But the mechanical assembly (drive end) of some pumps also deserves attention, especially since this portion of the pump has been neglected in some brands or models. Fortunately, expert advice is available for the specification and selection of better drive end geometries for process pumps (see author's note below regarding availability of full-length text).

Thoughtful specification and selection used to be par for the course at best-of-class companies and there is really no reason why this thinking should have undergone change. What we see lacking today is an awareness of the precise steps that are needed for such specifying and selecting. Management has fallen prey to consultant-conceived generalities, including "lean and mean" and similar catchy utterances.

Opportunities in sealing and environmentally-friendly technology
Superior dual seals and environmentally-friendly sealing systems (Figures 3 and 4) are now available and routinely selected by reliability-focused owner-purchasers. The primary use of cost-effective sealing is likely on ANSI and ISO-style pumps. Many slurry services in the mining, pulp and paper, and power generation industries also have benefited from adopting dual seals (Figure 3) with closed, water-containing seal support systems (Figure 4). At the pump, the sealing water is totally confined in the space between the bore diameter of the two pairs of seals and the outside diameter of the shaft sleeve. The amount of makeup water required can be as little as 40 liters per year and many systems pay for themselves in less than one month.

fig 3

Figure 3: A dual mechanical seal. The space between the sleeve and the inside diameter of the two sets of seal faces is filled with a pressurized barrier fluid, usually clean water. (Source: AESSEAL Inc., Rockford, TN and Rotherham, UK)

fig 4

Figure 4: Pre-engineered self-contained water management system found highly effective for dual mechanical seals in slurry services (Source: AESSEAL Inc., Rockford, TN and Rotherham, UK)

Taking advantage
We obviously believe that good managers must lead and ought to reinforce a failure avoidance culture. That said, the user industry should get away from the obviously flawed approach whereby people are instructed to run equipment to failure and to then try to resurrect it to a better life than ever before. It also makes no sense to wait for things to go wrong and then heap praise on super-human efforts to rebuild. The old adage of an ounce of prevention being worth a pound of cure is as valid as ever. So, consider this a call to do something about your repeat failures and start asking questions. Better yet, offer some of the solutions that have consistently kept best-of-class performers in the top rankings for safety and profitability. They have stayed at the top because they take advantage of best available technology.

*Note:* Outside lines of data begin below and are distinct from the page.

(* Let $p(n,k)$ be the number of $\mathbf{3}$-free naturally labelled posets on $[n]$ with exactly $k$ minimal elements. Then $p(0,0)=1$, $p(n,0)=0$ for $n\ge1$, $p(n,k)=0$ for $n<k$, and for $n\ge1$, $k\ge1$: $$p(n,k)=p(n-1,k-1)+(2^k-1)\,p(n-1,k).$$ Consequently $p(n,k)=S_2[n,k]$, where the $q$-Stirling numbers of the second kind $S_q[n,k]$ satisfy $S_q[n,k]=S_q[n-1,k-1]+[k]_q\,S_q[n-1,k]$ with $[k]_q=1+q+\dots+q^{k-1}$ and the same initial conditions. Moreover, the bivariate generating function $F(z,y)=\sum_{n\ge k\ge 0}p(n,k)z^ny^k$ satisfies $$F(z,y)=1+z\big(F(z,2y)-(1-y)F(z,y)\big),$$ and $$F(z,y)=\sum_{k\ge0}\frac{z^ky^k}{\prod_{i=1}^k\big(1-(2^i-1)z\big)}.$$
   Context: A partial order $\preceq$ on $[n]$ is naturally labelled if $x\prec y$ implies $x<y$. It is $\mathbf{3}$-free if there are no three elements $x\prec y\prec z$. *)

From mathcomp Require Import all_boot all_order all_algebra.
Set Implicit Arguments. Unset Strict Implicit. Unset Printing Implicit Defensive.
Import GRing.Theory.

(* A partial order on [n] = 'I_n is encoded by its graph R (the relation x <= y),
   as a set of pairs. *)
Section Posets.
Variable n : nat.
Implicit Type R : {set 'I_n * 'I_n}.

Definition is_poset R : bool :=
  [&& [forall x, (x, x) \in R],
      [forall x, forall y, ((x, y) \in R) && ((y, x) \in R) ==> (x == y)] &
      [forall x, forall y, forall z, ((x, y) \in R) && ((y, z) \in R) ==> ((x, z) \in R)]].

Definition strict R (x y : 'I_n) : bool := (x != y) && ((x, y) \in R).

Definition naturally_labelled R : bool :=
  [forall x, forall y, strict R x y ==> (x < y)%N].

Definition three_free R : bool :=
  ~~ [exists x, exists y, exists z, strict R x y && strict R y z].

Definition minimal R (x : 'I_n) : bool := [forall y, ~~ strict R y x].

Definition minimals R : {set 'I_n} := [set x | minimal R x].
End Posets.

Definition p (n k : nat) : nat :=
  #|[set R : {set 'I_n * 'I_n} |
      [&& is_poset R, naturally_labelled R, three_free R & #|minimals R| == k]]|.

Definition qint (q k : nat) : nat := \sum_(i < k) q ^ i.

Fixpoint qstirling (q n k : nat) : nat :=
  match n, k with
  | 0, 0 => 1
  | 0, _.+1 => 0
  | _.+1, 0 => 0
  | n'.+1, k'.+1 => qstirling q n' k' + qint q k'.+1 * qstirling q n' k'.+1
  end.

(* Formal power series in z with coefficients in a ring (here {poly int},
   the variable of the polynomials being y). *)
Definition fps (R : Type) := nat -> R.

Section FPS.
Variable R : pzRingType.
Local Open Scope ring_scope.
Definition fps_const (c : R) : fps R := fun m => if m == 0%N then c else 0.
Definition fps_z : fps R := fun m => if m == 1%N then 1 else 0.
Definition fps_add (f g : fps R) : fps R := fun m => f m + g m.
Definition fps_sub (f g : fps R) : fps R := fun m => f m - g m.
Definition fps_mul (f g : fps R) : fps R :=
  fun m => \sum_(i < m.+1) f i * g (m - i)%N.
Definition fps_exp (f : fps R) (k : nat) : fps R := iter k (fps_mul f) (fps_const 1).
End FPS.
Arguments fps_z {R}.
Arguments fps_const {R}.

Local Open Scope ring_scope.

(* F(z,y) = sum_{n >= k >= 0} p(n,k) z^n y^k, as a series in z whose
   z^n-coefficient is the polynomial sum_{k<=n} p(n,k) y^k. *)
Definition F : fps {poly int} := fun n => \sum_(k < n.+1) ((p n k)%:R : int) *: 'X^k.

Definition F2 : fps {poly int} := fun n => F n \Po (2%:P * 'X).

Definition fps_y : fps {poly int} := fps_const 'X.

Definition denom (k : nat) : fps {poly int} :=
  \big[@fps_mul _/fps_const 1]_(1 <= i < k.+1)
     fps_sub (fps_const 1) (fps_mul (fps_const ((2 ^ i - 1)%N%:R)) fps_z).

Definition num (k : nat) : fps {poly int} := fps_mul (fps_exp fps_z k) (fps_exp fps_y k).

From HB Require Import structures.
From mathcomp Require Import all_boot all_order all_algebra zify ring.
From Stdlib Require Import FunctionalExtensionality.
Set Implicit Arguments. Unset Strict Implicit. Unset Printing Implicit Defensive.
Import GRing.Theory.

(* In a 3-free naturally labelled poset on [n+1] the top label n
   is maximal, and every element strictly below it is minimal in the poset
   restricted to [n] (otherwise there is a 3-chain).  Conversely, putting n
   above an arbitrary set S of minimal elements of a poset on [n] yields such a
   poset, whose minimal elements are those below n plus n itself iff S is
   empty.  Counting the choices of S gives
   p(n+1,k+1) = p(n,k) + (2^(k+1)-1) p(n,k+1).  The generating-function
   identities are then checked coefficientwise: the k-th column
   F_k = sum_n p(n,k) z^n y^k of F satisfies (1 - (2^k-1) z) F_k = z y F_(k-1),
   so F_k is the k-th summand of the product formula. *)

Definition nl3free n (R : {set 'I_n * 'I_n}) :=
  [&& is_poset R, naturally_labelled R & three_free R].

Author's note: This material was excerpted and condensed from Bloch, Heinz P., Pump Wisdom-Problem Solving for Operators and Specialists, New Jersey: John Wiley & Sons, 2011 (ISBN 978-1-118-04123-9). The hard-bound text is available from Amazon.com (List price: $49.95). It highlights highly effective techniques to prevent repeat failures of process pumps. Among other issues, it divulges and discusses superior bearing protection and sealing issues that not all pump manufactures share with their clients.

authorHeinz P. Bloch is a practicing consulting engineer with 50 years of applicable experience. He advises process plants worldwide on failure analysis, reliability improvement and maintenance cost avoidance topics. A frequent contributor to Uptime magazine, he has authored or co-authored 18 textbooks on machinery reliability improvement and over 500 papers or articles dealing with reliability-related subjects.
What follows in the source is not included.